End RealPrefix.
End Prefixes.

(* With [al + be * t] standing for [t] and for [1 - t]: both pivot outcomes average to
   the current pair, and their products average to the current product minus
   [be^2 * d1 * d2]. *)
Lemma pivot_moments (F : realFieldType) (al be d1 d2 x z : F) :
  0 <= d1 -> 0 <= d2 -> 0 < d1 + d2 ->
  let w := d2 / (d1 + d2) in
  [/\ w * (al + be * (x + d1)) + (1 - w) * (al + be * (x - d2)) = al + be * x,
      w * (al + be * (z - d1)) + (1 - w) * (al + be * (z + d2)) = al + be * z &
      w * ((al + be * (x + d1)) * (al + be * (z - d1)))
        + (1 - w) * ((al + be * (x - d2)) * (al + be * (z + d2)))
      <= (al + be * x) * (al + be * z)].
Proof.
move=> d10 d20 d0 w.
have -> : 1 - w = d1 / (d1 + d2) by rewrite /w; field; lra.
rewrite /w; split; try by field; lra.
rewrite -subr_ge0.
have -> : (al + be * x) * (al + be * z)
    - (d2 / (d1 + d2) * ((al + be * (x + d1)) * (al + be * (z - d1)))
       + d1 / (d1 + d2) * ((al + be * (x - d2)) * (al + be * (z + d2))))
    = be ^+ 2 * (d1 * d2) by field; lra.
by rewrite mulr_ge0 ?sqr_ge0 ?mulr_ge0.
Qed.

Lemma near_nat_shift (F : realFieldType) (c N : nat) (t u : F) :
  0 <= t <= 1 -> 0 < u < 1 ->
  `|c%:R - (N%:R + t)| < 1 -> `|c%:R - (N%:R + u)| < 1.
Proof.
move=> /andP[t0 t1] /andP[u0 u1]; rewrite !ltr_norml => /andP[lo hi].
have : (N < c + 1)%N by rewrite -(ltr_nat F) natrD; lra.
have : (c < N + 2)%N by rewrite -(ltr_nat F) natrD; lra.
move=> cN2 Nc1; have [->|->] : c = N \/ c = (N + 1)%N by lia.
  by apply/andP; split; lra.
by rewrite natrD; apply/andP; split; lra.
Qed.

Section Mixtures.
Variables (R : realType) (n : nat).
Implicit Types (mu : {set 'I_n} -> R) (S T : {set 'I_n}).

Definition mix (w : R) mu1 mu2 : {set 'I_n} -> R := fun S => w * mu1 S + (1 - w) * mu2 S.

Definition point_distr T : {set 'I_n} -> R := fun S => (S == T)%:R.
* * * *
## ACTION ITEM
Please, starting with the first line of the material above, write out each line exactly and finish on the line that includes "Variables (R : realType) (n : nat).".

## EXERCISE ANSWER
End RealPrefix.
End Prefixes.

(* With [al + be * t] standing for [t] and for [1 - t]: both pivot outcomes average to
   the current pair, and their products average to the current product minus
   [be^2 * d1 * d2]. *)
Lemma pivot_moments (F : realFieldType) (al be d1 d2 x z : F) :
  0 <= d1 -> 0 <= d2 -> 0 < d1 + d2 ->
  let w := d2 / (d1 + d2) in
  [/\ w * (al + be * (x + d1)) + (1 - w) * (al + be * (x - d2)) = al + be * x,
      w * (al + be * (z - d1)) + (1 - w) * (al + be * (z + d2)) = al + be * z &
      w * ((al + be * (x + d1)) * (al + be * (z - d1)))
        + (1 - w) * ((al + be * (x - d2)) * (al + be * (z + d2)))
      <= (al + be * x) * (al + be * z)].
Proof.
move=> d10 d20 d0 w.
have -> : 1 - w = d1 / (d1 + d2) by rewrite /w; field; lra.
rewrite /w; split; try by field; lra.
rewrite -subr_ge0.
have -> : (al + be * x) * (al + be * z)
    - (d2 / (d1 + d2) * ((al + be * (x + d1)) * (al + be * (z - d1)))
       + d1 / (d1 + d2) * ((al + be * (x - d2)) * (al + be * (z + d2))))
    = be ^+ 2 * (d1 * d2) by field; lra.
by rewrite mulr_ge0 ?sqr_ge0 ?mulr_ge0.
Qed.

Lemma near_nat_shift (F : realFieldType) (c N : nat) (t u : F) :
  0 <= t <= 1 -> 0 < u < 1 ->
  `|c%:R - (N%:R + t)| < 1 -> `|c%:R - (N%:R + u)| < 1.
Proof.
move=> /andP[t0 t1] /andP[u0 u1]; rewrite !ltr_norml => /andP[lo hi].
have : (N < c + 1)%N by rewrite -(ltr_nat F) natrD; lra.
have : (c < N + 2)%N by rewrite -(ltr_nat F) natrD; lra.
move=> cN2 Nc1; have [->|->] : c = N \/ c = (N + 1)%N by lia.
  by apply/andP; split; lra.
by rewrite natrD; apply/andP; split; lra.
Qed.

Section Mixtures.
Variables (R : realType) (n : nat).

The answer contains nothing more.